How are these solutions supported?
Since external high-availability solutions are not integrated with the WebSphere Application Server product, IBM WebSphere Application Server Support cannot provide specific advice or instructions for using the product with every external high-availability solution that is compatible with the product. Instead, IBM Support can provide guidelines that explain which solutions are acceptable to use with WebSphere Application Server.

The purpose of this technote is to provide guidelines for the process of installing WebSphere Application Server and configuring profiles on highly available systems.

Answer

Filesystem requirements
There are some requirements for installing and running WebSphere Application Server on a networked filesystem. In general, the networked filesystem must be configured to be consistently available, with appropriate file permissions and supporting processes (such as lock daemon processes and port-mapping processes). The system administrator must be entirely responsible for the configuration and troubleshooting of the networked filesystem. For more details about WebSphere Application Server support of networked filesystems, refer to the technote General guidelines for installation of WebSphere Application Server V6.1 and V7.0 on Networked Filesystems (NFS), Mapped Network Drives, or Storage Area Network (SAN) resources.


High-availability solution requirements
The system administrator must be familiar with the high-availability solution that WebSphere Application Server is installed into. The system administrator will be responsible for configuring the high-availability software and ensuring that it is capable of starting and stopping application servers when necessary. The system administrator will need to provide troubleshooting expertise if the high-availability solution encounters issues.

A Redbooks is available from IBM which can assist with these scenarios. Refer to the Redbooks, WebSphere Application Server Network Deployment V6: High Availability Solutions.

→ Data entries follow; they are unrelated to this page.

Lemma transported_field_pos q e K : is_mconfig H q ->
  (forall m, (K <= m)%Z -> jacobi_of H q e m = 0 /\ 0 < e m) ->
  forall m, (K < m)%Z -> 0 < transported_field q e m.
Proof.
  intros Hq He m Hm.
  set (w := Phi (q m, mom q m)).
  assert (Ew : (cp1 Psi (fst w) (snd w), cp2 Psi (fst w) (snd w)) = (q m, mom q m)).
  { unfold cp1, cp2. rewrite <- !surjective_pairing. apply HPsiPhi. }
  injection Ew as E1 E2.
  destruct (pd2_inverse_area_preserving Phi Psi HPhiPsi HPhi1 HPhi2 HPsi1 HPsi2 HPhi_area
              (fst w) (snd w)) as [D1 D2].
  rewrite E1, E2 in D1, D2.
  pose proof (Hcone q Hq m) as C. unfold in_N in C. simpl in C. fold (mom q m) w in C.
  destruct (He (m - 1)%Z ltac:(lia)) as [_ Em]. destruct (He m ltac:(lia)) as [J E0].
  destruct (He (m + 1)%Z ltac:(lia)) as [_ E1'].
  unfold jacobi, hess11, hess12, hess22 in J. replace (m - 1 + 1)%Z with m in J by lia.
  replace (transported_field q e m) with
    (pd2 (cp2 Psi) (fst w) (snd w) * e m + pd2 (cp1 Psi) (fst w) (snd w) *
      (pd1 (pd1 H) (q m) (q (m + 1)%Z) * e m + pd2 (pd1 H) (q m) (q (m + 1)%Z) * e (m + 1)%Z))
    by (unfold transported_field, dmom, diff2; rewrite D1, D2; ring).
  apply (cone_combination_pos _ _ (pd2 (pd1 H) (q (m - 1)%Z) (q m))
           (pd2 (pd2 H) (q (m - 1)%Z) (q m)) _ _ (e (m - 1)%Z)); try assumption; apply H_twist.
Qed.

Lemma transported_mconfig q : is_mconfig H q -> is_mconfig G (transported q).
Proof.
  intros Hq. apply mconfig_of_positive_jacobi_fields; try assumption.
  { apply transported_config, Hq. }
  intros M N HMN.
  destruct (mconfig_jacobi_field H q (M - 1) HC2 H_twist Hq) as [e He].
  exists (transported_field q e). split.
  - intros n Hn. apply (transported_field_pos q e (M - 1)); [assumption | assumption | lia].
  - intros m Hm. apply (transported_jacobi_field q e (M - 1)); [apply Hq | | lia].
    intros k Hk. apply He, Hk.
Qed.

Lemma swept_transport q n : is_mconfig H q -> swept G (Phi (q n, mom q n)).
Proof.
  intros Hq. exists (transported q). split; [apply transported_mconfig, Hq |].
  (* [transported q] drifts by [s] per step; undo the drift at index [n]. *)
  exists n, (- (n * s))%Z.
  rewrite (surjective_pairing (Phi _)). f_equal.
  - change (fst (Phi (q n, mom q n))) with (base_point q n).
    unfold transported. rewrite opp_IZR. ring.
  - change (snd (Phi (q n, mom q n))) with (cp2 Phi (q n) (mom q n)).
    rewrite (proj1 (transport_links q (proj1 Hq) n)).
    unfold transported. rewrite opp_IZR, !mult_IZR, plus_IZR.
    f_equal. f_equal; ring.
Qed.

End Transport.

Lemma action_shift W j x M L : diag_periodic W ->
  action W (fun m => x m + IZR j) M L = action W x M L.
Proof.
  intros P. rewrite !action_sumZ. apply sumZ_ext. intros n _. apply diag_periodic_IZR, P.
Qed.

Lemma mconfig_shift W q j : isC2 W -> diag_periodic W -> is_mconfig W q ->
  is_mconfig W (fun m => q m + IZR j).
Proof.
  intros HW P [Hc Hm]. destruct (isC2_diag_periodic_derivatives W HW P) as (P1 & P2 & _).
  split.
  - intros m. rewrite (diag_periodic_IZR _ P2), (diag_periodic_IZR _ P1). apply Hc.
  - intros M N HMN. destruct (Hm M N HMN) as [eps [He K]]. exists eps. split; [exact He |].
    intros x XM XN Xc.
    replace x with (fun m => (x m - IZR j) + IZR j)
      by (apply functional_extensionality; intros; ring).
    rewrite !action_shift by exact P. apply K.
    + rewrite XM. ring.
    + rewrite XN. ring.
    + intros n Hn. replace (x n - IZR j - q n) with (x n - (q n + IZR j)) by ring.
      apply Xc, Hn.
Qed.

Lemma swept_normal_form W z : isC2 W -> diag_periodic W -> swept W z ->
  exists q n, is_mconfig W q /\ z = (q n, - pd1 W (q n) (q (n + 1)%Z)).
Proof.
  intros HW P [q [Hq [n [j Ez]]]].
  exists (fun m => q m + IZR j), n. split; [apply mconfig_shift |]; assumption.
Qed.

Lemma shift_IZR (f : R * R -> R * R) :
  (forall a p, f (a + 1, p) = (fst (f (a, p)) + 1, snd (f (a, p)))) ->
  forall m a p, f (a + IZR m, p) = (fst (f (a, p)) + IZR m, snd (f (a, p))).
Proof.
  intros Hf m a p.
  assert (E : (fst (f (a + IZR m, p)) - IZR m, snd (f (a + IZR m, p))) =
               (fst (f (a + 0, p)) - 0, snd (f (a + 0, p)))).
  { apply (periodic_IZR (fun t => (fst (f (a + t, p)) - t, snd (f (a + t, p))))).
    intros t. replace (a + (t + 1)) with (a + t + 1) by ring. rewrite Hf. simpl.
    f_equal. ring. }
  rewrite Rplus_0_r in E. injection E as E1 E2.
  rewrite (surjective_pairing (f (a + IZR m, p))), E2. f_equal. lra.
Qed.

Lemma inverse_shift_IZR (Phi Psi : R * R -> R * R) :
  (forall z, Psi (Phi z) = z) -> (forall w, Phi (Psi w) = w) ->
  (forall a p, Phi (a + 1, p) = (fst (Phi (a, p)) + 1, snd (Phi (a, p)))) ->
  forall m x y, Psi (x + IZR m, y) = (fst (Psi (x, y)) + IZR m, snd (Psi (x, y))).
Proof.
  intros HPsiPhi HPhiPsi HPhi m x y.
  rewrite <- (HPsiPhi (fst (Psi (x, y)) + IZR m, snd (Psi (x, y)))). f_equal.
  rewrite (shift_IZR Phi HPhi), <- surjective_pairing, HPhiPsi. reflexivity.
Qed.

Definition generates (H : R -> R -> R) (F : R * R -> R * R) := forall q p q' p',
  F (q, p) = (q', p') <-> (p = - pd1 H q q' /\ p' = pd2 H q q').

(* [F] is generated by [G] in the coordinates [Phi], up to the deck shift [k]. *)
Definition generates_in (G : R -> R -> R) (Phi : R * R -> R * R) (k : Z) F := forall z z',
  F z = z' <->
  (snd (Phi z) = - pd1 G (fst (Phi z)) (fst (Phi z') + IZR k) /\
   snd (Phi z') = pd2 G (fst (Phi z)) (fst (Phi z') + IZR k)).

Lemma generates_transport H G Phi k F :
  generates H F -> generates_in G Phi k F -> gen_transport H G Phi k.
Proof.
  intros HgenH HgenG a b. apply (HgenG (a, - pd1 H a b) (b, pd2 H a b)), HgenH.
  split; reflexivity.
Qed.

Lemma generates_transport_inverse H G Phi Psi k F :
  (forall z, Psi (Phi z) = z) -> (forall w, Phi (Psi w) = w) ->
  (forall a p, Phi (a + 1, p) = (fst (Phi (a, p)) + 1, snd (Phi (a, p)))) ->
  generates H F -> generates_in G Phi k F -> gen_transport G H Psi (- k).
Proof.
  intros HPsiPhi HPhiPsi HPhi HgenH HgenG a b.
  set (z' := (cp1 Psi b (pd2 G a b) + IZR (- k), cp2 Psi b (pd2 G a b))).
  assert (Pz' : Phi z' = (b + IZR (- k), pd2 G a b)).
  { unfold z', cp1, cp2. rewrite <- (inverse_shift_IZR Phi Psi), HPhiPsi; auto. }
  assert (Fz : F (Psi (a, - pd1 G a b)) = z').
  { apply HgenG. rewrite HPhiPsi, Pz'. simpl.
    replace (b + IZR (- k) + IZR k) with b by (rewrite opp_IZR; ring). split; reflexivity. }
  rewrite (surjective_pairing (Psi _)) in Fz. apply HgenH in Fz. exact Fz.
Qed.

Theorem theorem1p2
  (H G : R -> R -> R)
  (Phi Psi : R * R -> R * R)   (* (q,p) |-> (x,y) and its inverse, on lifts *)
  (F : R * R -> R * R)         (* lift of T in (q,p) coordinates *)
  (k : Z)                      (* lift of T in (x,y) coords is Phi o F o Psi + (k,0) *)
  (* symplectic change of coordinates of the annulus, lifted *)
  (HPsiPhi : forall z, Psi (Phi z) = z)
  (HPhiPsi : forall w, Phi (Psi w) = w)
  (HPhiC1a : isC1 (cp1 Phi)) (HPhiC1b : isC1 (cp2 Phi))
  (HPsiC1a : isC1 (cp1 Psi)) (HPsiC1b : isC1 (cp2 Psi))
  (HPhi_per : forall q p, Phi (q + 1, p) = (fst (Phi (q, p)) + 1, snd (Phi (q, p))))
  (HPhi_sympl : forall q p,
     pd1 (cp1 Phi) q p * pd2 (cp2 Phi) q p - pd2 (cp1 Phi) q p * pd1 (cp2 Phi) q p = 1)
  (* generating functions *)
  (HC2 : isC2 H) (GC2 : isC2 G)
  (H_per : forall a b, H (a + 1) (b + 1) = H a b)
  (G_per : forall a b, G (a + 1) (b + 1) = G a b)
  (H_twist : forall a b, pd2 (pd1 H) a b > 0)
  (G_twist : forall a b, pd2 (pd1 G) a b > 0)
  (HgenH : forall q p q' p',
     F (q, p) = (q', p') <-> (p = - pd1 H q q' /\ p' = pd2 H q q'))
  (HgenG : forall z z',
     F z = z' <->
     (snd (Phi z) = - pd1 G (fst (Phi z)) (fst (Phi z') + IZR k) /\
      snd (Phi z') = pd2 G (fst (Phi z)) (fst (Phi z') + IZR k)))
  (* geometric assumption, part 1: d/dy lies in N_H on M_H *)
  (Hgeo_H : forall q : Z -> R, is_mconfig H q -> forall n j : Z,
     let z := (q n + IZR j, - pd1 H (q n + IZR j) (q (n + 1)%Z + IZR j)) in
     let w := Phi z in
     in_N H (q (n - 1)%Z + IZR j) (q n + IZR j) (q (n + 1)%Z + IZR j)
       (pd2 (cp1 Psi) (fst w) (snd w), pd2 (cp2 Psi) (fst w) (snd w)))
  (* geometric assumption, part 2: d/dp lies in N_G on M_G *)
  (Hgeo_G : forall x : Z -> R, is_mconfig G x -> forall n j : Z,
     let w := (x n + IZR j, - pd1 G (x n + IZR j) (x (n + 1)%Z + IZR j)) in
     let z := Psi w in
     in_N G (x (n - 1)%Z + IZR j) (x n + IZR j) (x (n + 1)%Z + IZR j)
       (pd2 (cp1 Phi) (fst z) (snd z), pd2 (cp2 Phi) (fst z) (snd z))) :
  forall z : R * R, swept H z <-> swept G (Phi z).
Proof.
  assert (ConeH : cone_condition H Phi Psi).
  { intros q Hq n. pose proof (Hgeo_H q Hq n 0%Z) as C. cbv zeta in C.
    rewrite !Rplus_0_r in C. exact C. }
  assert (ConeG : cone_condition G Psi Phi).
  { intros x Hx n. pose proof (Hgeo_G x Hx n 0%Z) as C. cbv zeta in C.
    rewrite !Rplus_0_r in C. exact C. }
  assert (LinkH : gen_transport H G Phi k) by exact (generates_transport H G Phi k F HgenH HgenG).
  assert (LinkG : gen_transport G H Psi (- k))
    by exact (generates_transport_inverse H G Phi Psi k F HPsiPhi HPhiPsi HPhi_per HgenH HgenG).
  assert (HPsi_area : area_preserving Psi)
    by exact (inverse_area_preserving Phi Psi HPhiPsi HPhiC1a HPhiC1b HPsiC1a HPsiC1b HPhi_sympl).
  intros z. split; intros Hz.
  - destruct (swept_normal_form H z HC2 H_per Hz) as (q & n & Hq & ->).
    apply (swept_transport H G Phi k) with (Psi := Psi); assumption.
  - destruct (swept_normal_form G (Phi z) GC2 G_per Hz) as (x & n & Hx & Ex).
    rewrite <- (HPsiPhi z), Ex.
    apply (swept_transport G H Psi (- k)) with (Psi := Phi); assumption.
Qed.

WebSphere Application Server installation requirements

  • Modification to wasprofile.properties, profileRegistry.xml, NIFRegistry.properties, setupCmdLine.sh, fsdb files, or variables.xml:
    Do not edit wasprofile.properites, profileRegistry.xml, NIFRegistry.properties, setupCmdLine.sh (or.bat), variables.xml, or any files in the WAS_HOME/properties/fsdb directory to compensate for issues with file locations in a high-availability cluster. IBM Support cannot provide assistance for installing, creating/augmenting profiles, or updating the product with fix packs or patches if any of those files have been modified in an effort to configure a high-availability solution.

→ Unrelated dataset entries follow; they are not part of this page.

Lemma wynn_visits_le eps : 0 < eps -> exists2 d, 0 < d & forall k S, (nst <= k)%N ->
  diam_le S d -> S (x k.+1) -> (visits (fun i => S (x i)) k : R) <= (p%:R^-1 + eps) * k%:R.
Proof.
move=> eps_gt0; have p_pos : 0 < p%:R :> R by rewrite ltr0n.
have a_gt0 : 0 < p%:R * eps by rewrite mulr_gt0.
have [d d_gt0 near] := wynn_cross_ge_near (shrink_gt0 a_gt0).
exists (d / 2) => [|k S nst_k Sd Sk]; first by rewrite divr_gt0.
have k_gt0 : (0 < k)%N := leq_trans nst_gt0 nst_k.
have m_ge := wynn_crit_ge_p nst_k; rewrite wynn_critE in m_ge.
apply: (shrink_sqr_bound _ p_pos m_ge eps_gt0).
  by apply: sumr_ge0 => i _; case: asboolP.
rewrite -(sum_sqr_mxform_invinfo k_gt0 (infomat_unit (theta k) nst_k)).
apply: visits_sqr_le => [|i _ Si].
  by rewrite mulr_ge0 //; [have := shrink_le1 (ltW a_gt0); lra | lra].
apply: (near k (x i) nst_k).
by apply: le_lt_trans (Sd _ _ Sk Si) _; rewrite ltr_pdivrMr // ltr_pMr // ltr1n.
Qed.

End WynnAlgorithm.

Theorem lemma2p2 (R : realType) (X Th : metricType R) (p : nat)
  (f : Th -> X -> 'rV[R]_p)
  (hX : compact [set: X]) (hTh : compact [set: Th])
  (hspan : forall th : Th, exists s : seq X,
      (<<map (f th) s>>%VS = fullv))
  (hcont : continuous (fun z : X * Th => f z.2 z.1))
  (hp : (2 <= p)%N)
  (nst : nat) (x : nat -> X)
  (hst : forall th : Th, posdef (infomat f x nst th))
  (theta : nat -> Th)
  (hrec : forall n : nat, (nst <= n)%N -> forall z : X,
      wynn_crit f x n (theta n) z <= wynn_crit f x n (theta n) (x n.+1))
  (eps : R) (heps : 0 < eps) :
  exists d : R, 0 < d /\ exists n0 : nat, (nst <= n0)%N /\
    forall (S : set X), S !=set0 -> diam_le S d ->
    forall n : nat, (n0 <= n)%N -> design x n S <= p%:R^-1 + eps.
Proof.
have eps2_gt0 : 0 < eps / 2 by rewrite divr_gt0.
have [d d_gt0 local] := wynn_visits_le hX hTh hcont (ltnW hp) hst hrec eps2_gt0.
have al_ge0 : 0 <= p%:R^-1 + eps / 2 :> R by rewrite addr_ge0 ?invr_ge0 ?ler0n ?ltW.
have [n0 [nst_n0 freq]] := visits_frequency_le nst al_ge0 eps2_gt0.
exists d; split => //; exists n0; split => // S _ Sd n n0n.
rewrite [eps in leRHS]splitr addrA.
exact: freq (fun k nst_k Sk => local k S nst_k Sd Sk) n n0n.
Qed.
(* For all sufficiently small $a>0$: if $(x,y)\in R$, $x\ne2$, $|y|\le a$ and $(x,y)\notin V_a$, then $\mathbf{W}(x,y)\notin V_a$. Furthermore, a $\mathbf{W}$-orbit $(z_k)$ converges to $p_0$ if and only if there exist $a'\in(0,1/10]$ and $k_0$ such that $z_k\in V_{a'}$ for all $k\ge k_0$.
   Context: For $x>0$, $y\in\mathbb{R}$ let $r_1^2=4+x^2+4x^2y^2$, $\Delta=((x+2)^2+8x^2y^2)((x-2)^2+8x^2y^2)$ and $\omega_\pm(x,y)=\frac{x^2-4\pm\sqrt{\Delta}}{2r_1^2}$. Let $p_0=(2,0)$, $R=\{(x,y): x>0,\ 4-4y^2-x^2y^2-8x^2y^4\ge 0\}$, $R_+=R\cap((0,2]\times\mathbb{R})$, $R_-=R\cap([2,\infty)\times\mathbb{R})$, and $r$ the line $x=2$. Define $\mathbf{W}_\pm(x,y)=\left(\frac{1+\omega_\pm}{1-\omega_\pm}x,\ \frac{|\omega_\pm|}{1+\omega_\pm}y\right)$ on $R_\pm$, and $\mathbf{W}$ on $R\setminus(r\setminus\{p_0\})$ by $\mathbf{W}=\mathbf{W}_+$ for $x<2$, $\mathbf{W}=\mathbf{W}_-$ for $x>2$, $\mathbf{W}(p_0)=p_0$. The $\mathbf{W}$-orbit of $z_0$ is $z_{k+1}=\mathbf{W}(z_k)$, defined as long as no $z_k$ lies on $r\setminus\{p_0\}$. For $0<a\le1/10$, $V_a=\{(x,y): |y|\le a,\ |y|\ge|x-2|/10\}$. *)

From Stdlib Require Import Reals Lra.
From Coquelicot Require Import Coquelicot.
Open Scope R_scope.

Definition r1sq (x y : R) : R := 4 + x^2 + 4 * x^2 * y^2.

Definition Delta (x y : R) : R :=
  ((x + 2)^2 + 8 * x^2 * y^2) * ((x - 2)^2 + 8 * x^2 * y^2).

Definition omega_plus (x y : R) : R :=
  (x^2 - 4 + sqrt (Delta x y)) / (2 * r1sq x y).

Definition omega_minus (x y : R) : R :=
  (x^2 - 4 - sqrt (Delta x y)) / (2 * r1sq x y).

Definition p0 : R * R := (2, 0).

Definition inR (z : R * R) : Prop :=
  let (x, y) := z in
  0 < x /\ 4 - 4 * y^2 - x^2 * y^2 - 8 * x^2 * y^4 >= 0.

Definition Wgen (w x y : R) : R * R :=
  ((1 + w) / (1 - w) * x, Rabs w / (1 + w) * y).

Definition Wplus (z : R * R) : R * R :=
  let (x, y) := z in Wgen (omega_plus x y) x y.

Definition Wminus (z : R * R) : R * R :=
  let (x, y) := z in Wgen (omega_minus x y) x y.

(* W: W_+ for x<2, W_- for x>2, W(p0)=p0; the value on the line x=2
   away from p0 (where W is undefined) is irrelevant and set to the identity. *)
Definition W (z : R * R) : R * R :=
  let (x, y) := z in
  if Rlt_dec x 2 then Wplus z
  else if Rlt_dec 2 x then Wminus z
  else z.

Definition in_dom_W (z : R * R) : Prop :=
  inR z /\ (fst z = 2 -> z = p0).

Definition is_W_orbit (z : nat -> R * R) : Prop :=
  forall k, in_dom_W (z k) /\ z (S k) = W (z k).

Definition inV (a : R) (z : R * R) : Prop :=
  let (x, y) := z in Rabs y <= a /\ Rabs y >= Rabs (x - 2) / 10.

From Pilot Require Import Defs.
From Stdlib Require Import Reals Lra Psatz.
From Coquelicot Require Import Coquelicot.
Open Scope R_scope.

(* The parameter w of a step W(x,y) = ((1+w)/(1-w) x, |w|/(1+w) y) is a root of
   r1^2 w^2 - (x^2-4) w - 4 x^2 y^2 = 0, and the branch is chosen so that
   (x^2-4) w <= 0. Hence |w| <= 2|y| and |w| |x-2| (x+2) <= 4 x^2 y^2: a step
   moves x by O(y^2 / |x-2|) and multiplies |y| by O(|y|). Outside the cone
   |x-2| > 10|y| the gap |x-2| - 10|y| therefore never decreases near p0 and
   stays positive everywhere; this gives the invariance of the complement of
   V_a, and shows that an orbit leaving the cone near p0 cannot converge to p0.
   Inside the cone, |y| contracts by a factor 1/4 per step while |x-2| <= 10|y|,
   so the orbit converges to p0. *)

Lemma quadratic_root_eq (r A c s w : R) : r <> 0 -> s * s = A * A + 4 * r * c ->
  (w = (A + s) / (2 * r) \/ w = (A - s) / (2 * r)) ->
  r * w ^ 2 - A * w - c = 0.
Proof.
  intros Hr Hs Hw.
  assert (Hlin : 2 * r * w - A = s \/ 2 * r * w - A = - s).
  { destruct Hw as [-> | ->]; [left | right]; field; exact Hr. }
  assert (Hsq : (2 * r * w - A) ^ 2 = s * s) by (destruct Hlin as [-> | ->]; ring).
  apply (Rmult_eq_reg_l (4 * r)); [nra | lra].
Qed.

Lemma r1sq_ge (x y : R) : x ^ 2 + 4 <= r1sq x y.
Proof. unfold r1sq; nra. Qed.

(* Coquelicot also exports a [Delta], hence the qualified name. *)
Lemma sqrt_Delta_sqr (x y : R) :
  sqrt (Defs.Delta x y) * sqrt (Defs.Delta x y)
  = (x ^ 2 - 4) * (x ^ 2 - 4) + 4 * r1sq x y * (4 * x ^ 2 * y ^ 2).
Proof.
  rewrite sqrt_sqrt; [unfold Defs.Delta, r1sq; ring|].
  assert (0 <= x ^ 2 * y ^ 2) by (apply Rmult_le_pos; apply pow2_ge_0).
  unfold Defs.Delta; apply Rmult_le_pos; apply Rplus_le_le_0_compat;
    try apply pow2_ge_0; lra.
Qed.

Lemma Rabs_le_sqrt_Delta (x y : R) : Rabs (x ^ 2 - 4) <= sqrt (Defs.Delta x y).
Proof.
  assert (Hdisc : 0 <= r1sq x y * (x ^ 2 * y ^ 2)).
  { pose proof (r1sq_ge x y).
    apply Rmult_le_pos; [nra | apply Rmult_le_pos; apply pow2_ge_0]. }
  rewrite <- (Rabs_pos_eq (sqrt (Defs.Delta x y))) by apply sqrt_pos.
  apply Rsqr_le_abs_0; unfold Rsqr; rewrite sqrt_Delta_sqr; nra.
Qed.

Lemma omega_plus_ge0 (x y : R) : 0 <= omega_plus x y.
Proof.
  pose proof (Rabs_le_sqrt_Delta x y); pose proof (r1sq_ge x y).
  pose proof (Rle_abs (- (x ^ 2 - 4))) as Hneg; rewrite Rabs_Ropp in Hneg.
  unfold omega_plus; apply Rmult_le_pos; [lra|].
  apply Rlt_le, Rinv_0_lt_compat; nra.
Qed.

Lemma omega_minus_le0 (x y : R) : omega_minus x y <= 0.
Proof.
  pose proof (Rabs_le_sqrt_Delta x y); pose proof (r1sq_ge x y).
  pose proof (Rle_abs (x ^ 2 - 4)).
  unfold omega_minus, Rdiv; apply Rmult_le_0_r; [lra|].
  apply Rlt_le, Rinv_0_lt_compat; nra.
Qed.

    Note: Some publications concerning WebSphere Application Server and high-availability solutions advocate modifications to those files. Making modifications to those files can simplify the process of installing the product on a large number of systems and facilitate cloning configuration data between multiple systems. But, editing those files also causes significant untested changes to the behavior of the product's installation and profile tools, which negatively impacts IBM Support's ability to provide service and diagnose issues. Any solutions published by IBM which advocate those modifications make it clear that the solution is not fully supported through IBM Support. However, publications by third-parties might not make this clear. If you are following instructions provided by a third-party, verify whether those instructions require editing those files.

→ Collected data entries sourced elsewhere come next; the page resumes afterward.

Lemma bolzano_weierstrass_fin {I : finType} (x : nat -> I -> R) (M : R) :
  (forall i a, Rabs (x i a) <= M) ->
  exists phi, filterlim phi eventually eventually /\
    exists l : I -> R, is_lim_vec (fun i => x (phi i)) l.
Proof.
move=> xM.
suff [phi [phi_oo xl]] : exists phi, filterlim phi eventually eventually /\
    forall a, a \in enum I -> exists l : R, is_lim_seq (fun i => x (phi i) a) l.
  have {}xl a : {l : R | is_lim_seq (fun i => x (phi i) a) l}.
    have aI : a \in enum I by rewrite mem_enum.
    exact: constructive_indefinite_description (xl a aI).
  by exists phi; split => //; exists (fun a => proj1_sig (xl a)) => a; exact: (proj2_sig (xl a)).
elim: (enum I) => [|b r [phi [phi_oo xl]]].
  by exists id; split => //; apply: filterlim_id.
have [psi [psi_oo [l bl]]] := bolzano_weierstrass_subseq (fun i => x (phi i) b) M (fun i => xM _ b).
exists (fun i => phi (psi i)); split; first exact: filterlim_comp psi_oo phi_oo.
move=> a; rewrite in_cons => /orP [/eqP -> | ar]; first by exists l.
have [l' al'] := xl a ar; exists l'.
exact: (is_lim_seq_subseq (fun i => x (phi i) a)).
Qed.

Lemma Rabs_le_sqrt_sqnorm {n : nat} (x : vec n) (a : 'I_n) : Rabs (x a) <= sqrt (sqnorm x).
Proof. by rewrite -sqrt_Rsqr_abs Rsqr_pow2; apply/sqrt_le_1_alt/sqr_le_sqnorm. Qed.

Lemma sqnorm_vsub_diag {n : nat} (x : vec n) : sqnorm (vsub x x) = 0.
Proof. by rewrite /sqnorm /rsum big1 // => a _; rewrite /vsub; ring. Qed.

Lemma accumulation_point_of_subseq {n : nat} (ys vs : nat -> vec n) (y v : vec n)
  (phi : nat -> nat) :
  filterlim phi eventually eventually ->
  is_lim_vec (fun i => ys (phi i)) y -> is_lim_vec (fun i => vs (phi i)) v ->
  accumulation_point ys vs y v.
Proof.
move=> phi_oo yl vl eps eps0 N.
have dist0 : is_lim_seq
    (fun i => sqrt (sqnorm (vsub (ys (phi i)) y) + sqnorm (vsub (vs (phi i)) v))) 0.
  have -> : 0 = sqrt (sqnorm (vsub y y) + sqnorm (vsub v v)).
    by rewrite !sqnorm_vsub_diag Rplus_0_r sqrt_0.
  apply: is_lim_seq_continuous.
    by apply: continuity_pt_sqrt; apply: Rplus_le_le_0_compat; apply: sqnorm_ge0.
  by apply: is_lim_seq_plus'; apply: is_lim_seq_sqnorm; apply: is_lim_vec_vsub => //;
    apply: is_lim_vec_const.
have [i Pi] := filter_and _ _ (proj2 (is_lim_seq_spec _ _) dist0 (mkposreal eps eps0))
  (phi_oo (fun j => (N <= j)%coq_nat) (ex_intro _ N (fun j Nj => Nj))).
have [dist_i N_phi_i] := Pi i (Nat.le_refl i).
exists (phi i); split; first exact/leP.
by move: dist_i; rewrite Rminus_0_r Rabs_right //; apply: Rle_ge; apply: sqrt_pos.
Qed.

  • Use consistent users to install the product initially and update it with fix packs:
    The user which installed WebSphere Application Server product must also be the same user that applies maintenance updates and feature packs to the product. In other words, make sure you use the same user ID to run the product installer, Update Installer, and/or Installation Manager for the entire lifetime of the product. (This is a standard requirement which applies to non-high-availability environments as well.)

    It is possible to run application servers as a different user than the one that installed and updated the product. Configuring the file permissions and application servers to allow this is outside the scope of this article; refer to articles such as Managing profiles for non-root users and the "Run As User" section of Process execution settings.

  • Execute the installer and update utilities on one system (the "primary" system):
    If the product is only installed once in a cluster of high-availability systems (which means that the standby systems use that same install), then the product's installer must be executed on the primary system. When the product is updated with maintenance packs or feature packs, then the Update Installer or Installation Manager must also be executed on the primary system.

  • Be sure to backup the installer registry files such as ".nifregistry" or Installation Factory files:
    The V7.0 product installer maintains a file named ".nifregistry". All product installations by the same user share information in this file. This file can be created in a specific directory if the installer is run as the root user, or it can be created in a subdirectory of the user's home directory if the installer is run as a non-root user. Refer to the Installation MustGather for information about where to find the .nifregistry file. Be sure to include this file as part of the high-availability cluster's backup plan.

    The Installation Manager utility maintains a set of data called the "IM Agent Data", or "IM_DATA". It is absolutely essential to maintain backups of this data. It is helpful to maintain historical backups of this data up to two years in the past. For information about where this data is located by default, refer to the Information Center for the current version of Installation Manager. The relevant article for Installation Manager V1.5.x is here.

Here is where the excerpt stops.